> **TO DO**:
Where does the string "exact" occur in the records? Copy each line that holds it.

> **INPUT RECORDS**:
Lemma cauchy_schwarz_sum (I : finType) (c a b : I -> R) :
  (forall k, 0 <= c k) ->
  (\sum_k c k * a k * b k) ^+ 2 <=
  (\sum_k c k * a k ^+ 2) * (\sum_k c k * b k ^+ 2).
Proof.
move=> c_ge0; apply: sqr_le_of_quadratic_ge0 => [|t].
  by apply: sumr_ge0 => k _; rewrite mulr_ge0 ?sqr_ge0.
have -> : (\sum_k c k * a k ^+ 2) - 2 * t * (\sum_k c k * a k * b k)
            + t ^+ 2 * (\sum_k c k * b k ^+ 2)
          = \sum_k c k * (a k - t * b k) ^+ 2.
  rewrite !mulr_sumr -sumrN -!big_split /=; apply: eq_bigr => k _; ring.
by apply: sumr_ge0 => k _; rewrite mulr_ge0 ?sqr_ge0.
Qed.

Lemma cauchy_schwarz (I : finType) (a b : I -> R) :
  (\sum_k a k * b k) ^+ 2 <= (\sum_k a k ^+ 2) * (\sum_k b k ^+ 2).
Proof.
have one_mul (F : I -> R) : \sum_k F k = \sum_k 1 * F k.
  by apply: eq_bigr => k _; rewrite mul1r.
rewrite (one_mul (fun k => a k * b k)) (one_mul (fun k => a k ^+ 2)).
rewrite (one_mul (fun k => b k ^+ 2)); under eq_bigr do rewrite mulrA.
exact: cauchy_schwarz_sum.
Qed.

Lemma le_card_mul_of_sum_sqr (I : finType) (f : I -> R) (Q r : R) : 0 <= r ->
  Q <= \sum_k f k -> \sum_k f k ^+ 2 <= r * Q -> Q <= #|I|%:R * r.
Proof.
move=> r_ge0 Q_le sqr_le; have [Q_le0|Q_gt0] := leP Q 0.
  by apply: le_trans Q_le0 _; rewrite mulr_ge0.
have CS : (\sum_k f k) ^+ 2 <= (\sum_k f k ^+ 2) * #|I|%:R.
  have := cauchy_schwarz f (fun _ => 1).
  by rewrite sumr_const expr1n; under eq_bigr do rewrite mulr1.
have QQ : Q ^+ 2 <= #|I|%:R * r * Q.
  have QS : Q ^+ 2 <= (\sum_k f k) ^+ 2.
    have S_gt0 := lt_le_trans Q_gt0 Q_le.
    by rewrite ler_sqr ?nnegrE ?(ltW Q_gt0) ?(ltW S_gt0).
  apply: le_trans QS (le_trans CS _).
  by rewrite mulrC -mulrA ler_wpM2l.
by rewrite -(ler_pM2r Q_gt0) -expr2.
Qed.

End RealInequalities.

Lemma sqr_sqrtrB_le (R : rcfType) (A B C : R) : 0 <= A -> 0 <= C -> B ^+ 2 <= A * C ->
  (Num.sqrt A - Num.sqrt C) ^+ 2 <= A - 2 * B + C.
Proof.
move=> A_ge0 C_ge0 BAC.
have : B <= Num.sqrt A * Num.sqrt C.
  rewrite -sqrtrM //; apply: le_trans (ler_norm B) _.
  by rewrite -sqrtr_sqr ler_sqrt ?mulr_ge0.
rewrite sqrrB !sqr_sqrtr //; lra.
Qed.

Lemma connect_transport (T : finType) (e : rel T) (P : T -> Prop) x y :
  (forall x y, e x y -> P x -> P y) -> connect e x y -> P x -> P y.
Proof.
move=> step /connectP [p + ->]; elim: p x => [|z p IH] x //= /andP [xz pz] Px.
exact: IH pz (step x z xz Px).
Qed.

Section Laplacian.
Variables (R : realType) (n : nat) (w : 'M[R]_n).
Hypotheses (wsym : forall x y, w x y = w y x) (wge0 : forall x y, 0 <= w x y).

Definition dirichlet (f g : 'I_n -> R) : R :=
  \sum_x \sum_y w x y * (f x - f y) * (g x - g y).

> **RESULT**:
exact: cauchy_schwarz_sum.
exact: IH pz (step x z xz Px).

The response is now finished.